I said not just getting more plants; CO2 levels are increasing so clearly the plants aren't absorbing it all.
*shrugs* - we have no idea what the possible lag times on this are. I've never seen plants sprout _instantly_:)
The oceans are already more acidic. This is not opinion, it's fact. It's been measured. It's in the article you yourself linked to.
Chemistry lesson. pH less than 7 = acidic. pH 7 = neutral. pH > 7 basic.
The oceans are pH>7 and the slight change measured (and some of the early measurements we know have enormous error bars) is nowhere near making the oceans neutral or acid. They're basic and will stay basic.

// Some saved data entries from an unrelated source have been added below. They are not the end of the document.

(* Let $\mathcal{A}$ be a Desargues affine plane, let $\ell_1=\ell^{OI}$ and $\ell_2$ be lines of $\mathcal{A}$ ($O\neq I$), and let $P_P:\ell_1\to\ell_2$ be a parallel projection. Equip $\ell_1$ with the skew field structure with zero $O$ and unit $I$, and $\ell_2$ with the skew field structure with zero $P_P(O)$ and unit $P_P(I)$. Then for all $A,B,C\in\ell_1$ with $B\neq C$, \[ P_P(r(A,B;C))=r(P_P(A),P_P(B);P_P(C)), \] where the ratio on the left is computed in $\ell_1$ and the ratio on the right in $\ell_2$.
   Context: A Desargues affine plane is an incidence structure of points and lines in which any two distinct points lie on exactly one line, through a point not on a line $\ell$ there is exactly one line disjoint from $\ell$ (Playfair), there exist three non-collinear points, and Desargues' axiom holds: if $A,B,C,A',B',C'$ are points such that the pairwise distinct lines $AA',BB',CC'$ are either all parallel or all pass through one point, and $AB\parallel A'B'$, $BC\parallel B'C'$ (with $AB\neq A'B'$, $BC\neq B'C'$, $A\ne C$, $A'\ne C'$), then $AC\parallel A'C'$. Skew field on a line: for distinct points $O,I$ and points $A,B$ on the line $\ell^{OI}$, addition is defined by: choose a point $B_1\notin\ell^{OI}$; let $P_1$ be the intersection of the line through $B_1$ parallel to $\ell^{OI}$ with the line through $A$ parallel to $OB_1$; then $A+B$ is the intersection of $\ell^{OI}$ with the line through $P_1$ parallel to $BB_1$. Multiplication is defined by: choose $B_1\notin\ell^{OI}$; let $P_1$ be the intersection of the line through $A$ parallel to $IB_1$ with the line $OB_1$; then $A\cdot B$ is the intersection of $\ell^{OI}$ with the line through $P_1$ parallel to $BB_1$. These operations do not depend on the choice of $B_1$ and make $(\ell^{OI},+,\cdot)$ a skew field with zero $O$ and unit $I$; the same construction applies to any line with any chosen pair of distinct points as zero and unit. $-X$ and $X^{-1}$ denote additive and multiplicative inverses, $X-Y=X+(-Y)$. Ratio of three points on such a line: $r(A,B;C)=(B-C)^{-1}(A-C)$ for $B\neq C$. A parallel projection between lines $\ell_1,\ell_2$ is a map $P_P:\ell_1\to\ell_2$ such that for all $A,B\in\ell_1$ the lines $A\,P_P(A)$ and $B\,P_P(B)$ are parallel (it is a bijection). *)

From Stdlib Require Import Classical ClassicalEpsilon.

Set Implicit Arguments.

Section Plane.
Variables (Pt Ln : Type) (inc : Pt -> Ln -> Prop).

Definition par (l m : Ln) : Prop :=
  l = m \/ (forall X, ~ (inc X l /\ inc X m)).

Record DesarguesPlane : Prop := {
  dp_line_exists : forall A B, A <> B -> exists l, inc A l /\ inc B l;
  dp_line_unique : forall A B l m, A <> B ->
      inc A l -> inc B l -> inc A m -> inc B m -> l = m;
  dp_playfair : forall A l, ~ inc A l ->
      exists m, (inc A m /\ (forall X, ~ (inc X m /\ inc X l))) /\
        (forall m', inc A m' -> (forall X, ~ (inc X m' /\ inc X l)) -> m' = m);
  dp_noncollinear : exists A B C : Pt,
      ~ (exists l, inc A l /\ inc B l /\ inc C l);
  dp_desargues : forall (A B C A' B' C' : Pt) (a b c : Ln),
      A <> A' -> B <> B' -> C <> C' ->
      inc A a -> inc A' a -> inc B b -> inc B' b -> inc C c -> inc C' c ->
      a <> b -> b <> c -> a <> c ->
      ((par a b /\ par b c /\ par a c) \/
       (exists Z, inc Z a /\ inc Z b /\ inc Z c)) ->
      forall lAB lA'B' lBC lB'C' lAC lA'C' : Ln,
      A <> B -> A' <> B' -> B <> C -> B' <> C' -> A <> C -> A' <> C' ->
      inc A lAB -> inc B lAB -> inc A' lA'B' -> inc B' lA'B' ->
      inc B lBC -> inc C lBC -> inc B' lB'C' -> inc C' lB'C' ->
      inc A lAC -> inc C lAC -> inc A' lA'C' -> inc C' lA'C' ->
      par lAB lA'B' -> lAB <> lA'B' -> par lBC lB'C' -> lBC <> lB'C' ->
      par lAC lA'C'
}.

Definition pick (d : Pt) (Q : Pt -> Prop) : Pt :=
  match excluded_middle_informative (exists x, Q x) with
  | left h => proj1_sig (constructive_indefinite_description _ h)
  | right _ => d
  end.

(* Addition construction on line l with zero O:
   choose B1 not on l; P1 = (line through B1 parallel to l) /\
   (line through A parallel to O B1); A+B = l /\ (line through P1
   parallel to B B1). *)
Definition is_sum (l : Ln) (O A B X : Pt) : Prop :=
  exists B1 P1 : Pt, ~ inc B1 l /\
    (exists m, inc B1 m /\ par m l /\ inc P1 m) /\
    (exists n m, inc O n /\ inc B1 n /\ inc A m /\ par m n /\ inc P1 m) /\
    (exists n m, inc B n /\ inc B1 n /\ inc P1 m /\ par m n /\ inc X m) /\
    inc X l.

(* Multiplication construction on line l with zero O and unit I:
   choose B1 not on l; P1 = (line through A parallel to I B1) /\ (O B1);
   A*B = l /\ (line through P1 parallel to B B1). *)
Definition is_prod (l : Ln) (O I A B X : Pt) : Prop :=
  exists B1 P1 : Pt, ~ inc B1 l /\
    (exists n m, inc I n /\ inc B1 n /\ inc A m /\ par m n /\ inc P1 m) /\
    (exists n, inc O n /\ inc B1 n /\ inc P1 n) /\
    (exists n m, inc B n /\ inc B1 n /\ inc P1 m /\ par m n /\ inc X m) /\
    inc X l.
Lemma rspan_alpha_mem (r : 'I_NR) : (alpha r <= span)%MS -> r \in S.
Proof.
move=> r_span; apply/contraT => rNS.
have coweight_r_eq0 s : s \in S -> alpha s *m fund_coweight t k m r = 0.
  move=> sS; apply/rowP => i; rewrite ord1 [RHS]mxE alpha_coweight ?ltn_ord //.
  by case: eqP => // s_r; move: rNS; rewrite -(val_inj s_r) sS.
have /rowP/(_ 0) := rspan_ker coweight_r_eq0 r_span.
by rewrite [RHS]mxE alpha_coweight ?ltn_ord // eqxx; move/eqP; rewrite oner_eq0.
Qed.

End Blocks.

Theorem mainTheorem5 (t : gtype) (k m : nat) (Hvalid : valid t k)
  (S : {set 'I_(nr t k m)}) (tau : {perm 'I_(nr t k m)})
  (T : 'M[rat]_(hdim t k m)) :
  admissible S ->
  (forall p : 'I_(nr t k m), alpha t k m p *m T = alpha t k m (tau p)) ->
  evenOp T ->
  (forall p q : 'I_(nr t k m),
     bform (alpha t k m (tau p)) (alpha t k m (tau q)) = bform (alpha t k m p) (alpha t k m q)) ->
  (forall p, p \in S -> alpha t k m (tau p) = - (alpha t k m p *m Wl S)) ->
  (forall p q, p \notin S -> q \in S ->
     bform (alpha t k m p + alpha t k m (tau p) *m Wl S) (alpha t k m q) = 0) ->
  forall x, inZPi x -> x *m Wl S *m T = x *m T *m Wl S.
Proof.
move=> S_adm alpha_tau _ _ tau_S orth_notS x [c ->].
have commute (p : 'I_(nr t k m)) : alpha t k m p *m Wl S *m T = alpha t k m p *m T *m Wl S.
  apply: (al_commute (Wl_invol Hvalid S) (Wl_isometry Hvalid S_adm) (signmx_unit t k m)
    (Wl_span Hvalid S) (@rspan_alpha_mem _ _ _ Hvalid S) alpha_tau tau_S).
  by move=> p' q p'S qS; rewrite -bform_signmx orth_notS.
by rewrite !mulmx_suml; apply: eq_bigr => p _; rewrite -!scalemxAl commute.
Qed.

Again, we know this since CO2-levels have been much, much, much, much higher before.
Oh please believe the NAS - since they correctly debunked the first Mann hockeystick:) That's why he created the second, which is falsified due to only using those proxies that already agree with his conclusion, instead of all or at least a valid subset without confirmation bias.
Briffa's hockeystick was found statistically wanting since the only proxy that actually showed a hockeystick in the end was a single tree in Siberia. With a larger (statistically valid) set of proxies the hockeystick-shape disappears.
Clearly there's too much for plants to absorb anyway, since we know CO2 levels are increasing; we're not just getting more plants.
Yes we are, the Earth's biosphere is booming and has been for the last decades. Up more than 6% in total. Plants are currently CO2 starved, most become increasingly happy up to 1000ppm.
And, of course, the acidification of the oceans is also a huge problem.
No, it's not. CO2 in the atmosphere has been more than a magnitude higher before in history without the oceans having gone acidic. They're at PH>7 and will stay so. Any slight changes are easily coped with by creatures who've lived through much largers changes before - they've evolved to handle them. Some even grow better with increased levels of CO2.
But Russia is only a part of the world and even if the IEA were right it doesn't affect anything else enough to change the fundamental conclusions about global warming.
Russia is regularly the "most warm" part when the monthly global numbers are released, and extrapolations made from stations in Siberia are often used to get numbers for the Arctic.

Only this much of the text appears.